You are on the mark in regards to OC-3 being too small these days. None
of these boxes scale to OC-12; neither do firewalls. Wouldn't be suprised
if some Pluris or Juniper came out with some MPP box that can do all of
the above.

-Hank

Cheers,
Chris

--
Christian Kuhtz, BellSouth Corp., Sr. Network Architect <ck@bellsouth.net>

Hank Nussbacher

Not everyone has Cisco, and the QA on Cisco releases has not been the
greatest. Bash in all of the above into IOS and how much you wanna bet
that we will need version (19cc) before all the components work (i.e. FR,
SNMP, HSSI, PPP, BGP, etc.) Each of us has slowed down in installing new
versions in critical systems due to these numerous bugs and flaws.

I think some of this could be solved if cisco's release methodology was
properly understood industry wide. It is somewhat unique. The CC train
especially is different that way (it breaks a lot of constraints and
boundaries otherwise designed to keep bugs out of the code in favor of
getting near geekcode and feature rich stuff out there quickly).

Cisco has WCCP but yet many people prefer Alteon or Intokomi (sp?). Ask
yourself why.

Well, given certain scenarios, WCCP is actually a significant strength, and
Inktomi/etc's reliance on another vendors' L2/L4 switch does not only
increase complexity of the solution (multiple vendors etc) but also tie in
into backbones, for instance. Alteon to me is everything but a strength.
WCCP is probably only in its infancy, and I have found that its
functionality is overall not well understood. And the competitive market
does its fair share to declassify WCCP as policy routing in a new gown etc
etc -- no need for me to reproduce their marketing propaganda, just the
stuff you'd expect in a market segment with heated (and overvalued) IPOs
etc.

You are on the mark in regards to OC-3 being too small these days. None
of these boxes scale to OC-12; neither do firewalls. Wouldn't be suprised
if some Pluris or Juniper came out with some MPP box that can do all of
the above.

Well, I think that I have all the above in our current platform, actually.
Once Juniper actually has a product which we can get into the labs, I'd love
to beat it up to see what it is worth and how good its Q&A is etc etc. No
doubt, they are on the horizon, but not here yet.

Unless perhaps someone from Juniper is listening and could get in touch with
me to get this in here.

Cheers,
Chris

In article <2.2.32.19980731064343.006a171c@max.ibm.net.il>,

7) Platform: Look at the OS platform. Packeteer using a proprietary OS,
others may package Linux or NT. None have done any OS hardening on the
system so it is best to run something like ISS against the packet shaper
to determine what security holes exist. Imagine you start using a
packet shaper in production only to have the hackers hack it and set
their own super-duper policies.

The risk is worse than that -- a malicious party having access to a
box which can view and modify 100% of your outside traffic is a very
ugly scenario.

There is of course much more to security than running ISS.

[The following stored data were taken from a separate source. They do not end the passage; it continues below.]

(* Otherwise the ball around X would stop growing at radius 2 and miss the
   points off X. *)
Lemma nonflag_connected_of_ball X D : 2 <= D -> (forall w, w \in ball (inr X) D) ->
  nonflag_connected I.
Proof.
move=> D2 ballD.
have [q0 /andP [q0X q0reach]] : exists q0, ~~ I q0 X && [exists Z, meets I X Z && I q0 Z].
  apply/existsP; apply: contraT; rewrite negb_exists => /forallP none.
  have stable : ball (inr X) 3 = ball (inr X) 2.
    apply/setP => -[q|Y]; last by rewrite ball_blk3_blk ball_blk2_blk.
    rewrite ball_blk3_pt ball_blk2_pt; case: (boolP (I q X)) => //= qX.
    by apply: negbTE; move: (none q); rewrite qX.
  have [q qX] := point_off X.
  by move: (ballD (inl q)); rewrite (ball_stable stable D2) ball_blk2_pt (negbTE qX).
exact: nonflag_connected_of_one q0X q0reach.
Qed.

Lemma two_le_k_of_nonflag_connected : nonflag_connected I -> 1 < k.
Proof.
move=> reach; have [X _] := disjoint_blocks qsI; have [q qX] := point_off X.
have [Z qZ /existsP [p /andP [pZ pX]]] := reach q X qX.
case: spI => -[_ _ kZ _ _] _ _ _; rewrite -(kZ Z); apply/card_gt1P; exists q, p.
by rewrite !inE qZ pZ; split=> //; apply: contraNneq qX => ->.
Qed.

Lemma hom_at2_nonflag_uniq p X Z1 Z : hom_at adj blocks 2 -> ~~ I p X ->
  I p Z1 -> meets I Z1 X -> I p Z -> meets I Z X -> Z = Z1.
Proof.
move=> hom2 pX pZ1 /existsP [q1 /andP [q1Z1 q1X]] pZ /existsP [q2 /andP [q2Z q2X]].
apply/eqP/negbNE/negP => ZZ1.
have XZ1 : X != Z1 by apply: contraNneq pX => ->.
have [W q1W /andP [WX WZ1]] := block_through_other q1 X Z1.
have W2X : inr W \in Gamma (inr X) 2 by rewrite Gamma_blk2_blk WX (meets_at q1X q1W).
have W2Z1 : inr W \in Gamma (inr Z1) 2 by rewrite Gamma_blk2_blk WZ1 (meets_at q1Z1 q1W).
have Z2X : inr Z \in Gamma (inr X) 2.
  by rewrite Gamma_blk2_blk (meets_at q2X q2Z) andbT; apply: contraNneq pX => <-.
have Z2Z1 : inr Z \in Gamma (inr Z1) 2 by rewrite Gamma_blk2_blk ZZ1 (meets_at pZ1 pZ).
have := hom_at_blk_meet qsI hom2 XZ1 q1X q1Z1 W2X W2Z1 Z2X Z2Z1.
rewrite !Gamma_blk1_pt q1W => /esym q1Z.
by move: pX; rewrite (meet_uniq qsI ZZ1 pZ pZ1 q1Z q1Z1) q1X.
Qed.

Lemma gq_of_hom_at2 D : 2 <= D -> (forall x, x \in blocks -> eccentricity_is adj x D) ->
  hom_at adj blocks 2 -> GQ.
Proof.
move=> D2 ecc hom2; have [X0 _] := disjoint_blocks qsI.
have X0blk : inr X0 \in blocks by rewrite inE.
have [ballX0 _] := ecc (inr X0) X0blk.
have reach := nonflag_connected_of_ball D2 ballX0.
have k2 := two_le_k_of_nonflag_connected reach.
split; [exact: lambda_le1 qsI | lia | lia |].
move=> p X pX; have [Z1 pZ1 Z1X] := reach p X pX.
apply/eqP/cards1P; exists Z1; apply/setP => Z; rewrite !inE.
apply/andP/eqP => [[pZ ZX]|->]; last by [].
exact: hom_at2_nonflag_uniq hom2 pX pZ1 Z1X pZ ZX.
Qed.

Section Quadrangle.
Hypothesis gqI : GQ.

Lemma gq_two_le_k : 1 < k.
Proof. exact: two_le_k_of_nonflag_connected (gq_nonflag_connected gqI). Qed.

Lemma gq_reach X q : ~~ I q X -> [exists Z, meets I X Z && I q Z].
Proof.
by move=> qX; have [Z qZ ZX] := gq_nonflag_connected gqI qX; apply/existsP; exists Z; rewrite meetsC ZX.
Qed.

Lemma gq_pt_ball3 X q : inl q \in ball (inr X) 3.
Proof. by rewrite ball_blk3_pt; case: (boolP (I q X)) => //= /gq_reach. Qed.

Lemma gq_Gamma3 X q : ~~ I q X -> inl q \in Gamma (inr X) 3.
Proof. by move=> qX; rewrite Gamma_blk3_pt qX gq_reach. Qed.

Lemma gq_ball4 X w : w \in ball (inr X) 4.
Proof.
rewrite in_ballS; case: w => [q|Y]; first by rewrite gq_pt_ball3.
have [q qY] := point_on Y (ltnW gq_two_le_k).
by rewrite exists_adj_blk; apply/orP; right; apply/existsP; exists q; rewrite gq_pt_ball3.
Qed.

Lemma gq_ecc4 X : eccentricity_is adj (inr X) 4.
Proof.
split=> [w|]; first exact: gq_ball4.
have [q qX] := point_off X; have [Z qZ ZX] := gq_nonflag_connected gqI qX.
have [Y qY /andP [YZ _]] := block_through_other q Z Z.
apply/set0Pn; exists (inr Y); rewrite /Gamma_i in_setD gq_ball4 andbT ball_blk3_blk negb_or.
apply/andP; split; first by apply: contraNneq qX => <-.
by apply: contra YZ => XY; rewrite (gq_block_uniq gqI qX qY _ qZ ZX) // meetsC.
Qed.

Lemma gq_hom_at2 : hom_at adj blocks 2.
Proof.
exists 1 => -[p|X] y z; rewrite inE // => _.
case: y => [q|Y]; rewrite ?Gamma_blk2_pt // Gamma_blk2_blk => /andP [YX /existsP [p /andP [pX pY]]].
case: z => [q|Z]; rewrite ?Gamma_blk2_pt // !Gamma_blk2_blk.
move=> /andP [ZX /existsP [a /andP [aX aZ]]] /andP [ZY /existsP [c /andP [cY cZ]]].
rewrite (Gamma1_blk_meet qsI _ pX pY) 1?eq_sym // card_set1I Gamma_blk1_pt.
case: (eqVneq a p) => [<-|ap]; first by rewrite aZ.
have aY : ~~ I a Y by apply: contra ap => aY; apply/eqP; rewrite (meet_uniq qsI _ aX aY pX pY) // eq_sym.
by move: ZX; rewrite -(gq_block_uniq gqI aY aX (meets_at pX pY) aZ (meets_at cZ cY)) eqxx.
Qed.

Lemma almost_hom_of_gq : almost_2_Y_homogeneous adj blocks.
Proof.
exists 4; split=> //; split=> [x|i /andP [i1 i2]].
  by case: x => [p|X]; rewrite inE // => _; exact: gq_ecc4.
have [->|->] : i = 1 \/ i = 2 by lia.
  exact: hom_at1.
exact: gq_hom_at2.
Qed.

Lemma gq_noncollinear_off X p0 : I p0 X -> exists2 z, ~~ I z X & ~~ collinear I z p0.
Proof.
move=> p0X; have [a aX ap0] := point_on_other X p0 gq_two_le_k.
have [w aw /andP [wX _]] := block_through_other a X X.
have [z zw za] := point_on_other w a gq_two_le_k.
have zX : ~~ I z X by apply: contra za => zX; rewrite (meet_uniq qsI wX zw zX aw aX).
exists z => //; apply/existsP => -[V /andP [zV p0V]].
have Vw := gq_block_uniq gqI zX zV (meets_at p0V p0X) zw (meets_at aw aX).
rewrite {}Vw in p0V.
by move: ap0; rewrite (meet_uniq qsI wX aw aX p0V p0X) eqxx.
Qed.

Lemma not_hom_at3_of_gq : ~ hom_at adj blocks 3.
Proof.
move=> hom3; have [X [_ _]] := disjoint_blocks qsI.
have [p0 p0X] := point_on X (ltnW gq_two_le_k).
have [Y p0Y /andP [YX _]] := block_through_other p0 X X.
have [W p0W /andP [WX WY]] := block_through_other p0 X Y.
have [z1 z1W z1p0] := point_on_other W p0 gq_two_le_k.
have z1_off U : U != W -> I p0 U -> ~~ I z1 U.
  by move=> UW p0U; apply: contra z1p0 => z1U; rewrite (meet_uniq qsI UW z1U z1W p0U p0W).
have z1X : ~~ I z1 X by rewrite z1_off // eq_sym.
have z1Y : ~~ I z1 Y by rewrite z1_off // eq_sym.
have z1p0_col : collinear I z1 p0 by apply/existsP; exists W; rewrite z1W.
have [z2 z2X z2p0_col] := gq_noncollinear_off p0X.
have z2Y : ~~ I z2 Y by apply: contra z2p0_col => z2Y; apply/existsP; exists Y; rewrite z2Y.
have XY : X != Y by rewrite eq_sym.
have := hom_at_blk_meet qsI hom3 XY p0X p0Y
  (gq_Gamma3 z1X) (gq_Gamma3 z1Y) (gq_Gamma3 z2X) (gq_Gamma3 z2Y).
by rewrite !Gamma_pt2_pt z1p0_col (negbTE z2p0_col) andbF andbT eq_sym z1p0.
Qed.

10) ToD: All boxes have the ability to control based on source IP,
destination IP and port. Not all have the ability to control based on
time of day. Suppose you want incoming news to be limited to 128kb
during the day but open it up from 2-8am to 800kb. Packeteer has a line
command called "schedule". Look for GUI's to do this.

I would hope anything with this suppport also runs NTP.

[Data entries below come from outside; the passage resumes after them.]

Lemma best_set_swap a g : a \notin T -> g \in T -> w a <= w g.
Proof.
move=> aT gT; have aTg : a \notin T :\ g by rewrite inE (negPf aT) andbF.
have := @T_best (a |: (T :\ g)).
rewrite cardsU1 aTg big_setU1 //= [X in _ <= X](big_setD1 g gT) /= lerD2r; apply.
by move: T_size; rewrite (cardsD1 g T) gT.
Qed.

End BestSet.

Section BestCoverage.
Variables (R : realFieldType) (V E : finType) (C : V -> {set E}) (q : E -> R).
Hypothesis q_ge0 : forall e, 0 <= q e.

Lemma add_uncovered_gain (S : {set V}) i a : a \notin CS C S -> a \in C i ->
  q a + \sum_(e in CS C S) q e <= \sum_(e in CS C (i |: S)) q e.
Proof.
move=> aS aCi; rewrite -big_setU1 //=; apply: sum_subset_le q_ge0 _; rewrite subUset sub1set.
by rewrite CS_subset ?subsetUr // andbT; apply/CSP; exists i; rewrite ?setU11.
Qed.

Lemma sum_CS_delete (S : {set V}) :
  (#|S|.-1)%:R * \sum_(e in CS C S) q e <= \sum_(j in S) \sum_(e in CS C (S :\ j)) q e.
Proof.
rewrite -sum_mul_indicator mulr_sumr.
under [X in _ <= X]eq_bigr do rewrite -sum_mul_indicator.
rewrite [X in _ <= X]exchange_big /=; apply: ler_sum => e _.
rewrite -mulr_sumr mulrCA ler_wpM2l // -natr_sum -natrM ler_nat.
have [/CSP[k Sk eCk]|] := boolP (e \in CS C S); last by rewrite muln0.
rewrite muln1 (big_setD1 k Sk) /= (cardsD1 k S) Sk add1n /= -sum1_card.
apply: leq_trans (leq_addl _ _); apply: leq_sum => j; rewrite !inE => /andP[jk Sj].
suff -> : e \in CS C (S :\ j) by [].
by apply/CSP; exists k; rewrite // !inE eq_sym jk.
Qed.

12) Graphs: you want the ability for realtime graphs for each policy so
you can see how your rule changes have affected the bandwidth.
Packeteer has this capability.

And hopefully all the data would be SNMPable so you can do your own
graphs as well.

As with all networking products, the key for an ISP environment is not
to provide an all-in-one solution but to provide something with good
plugs so it integrades well with the rest of your network.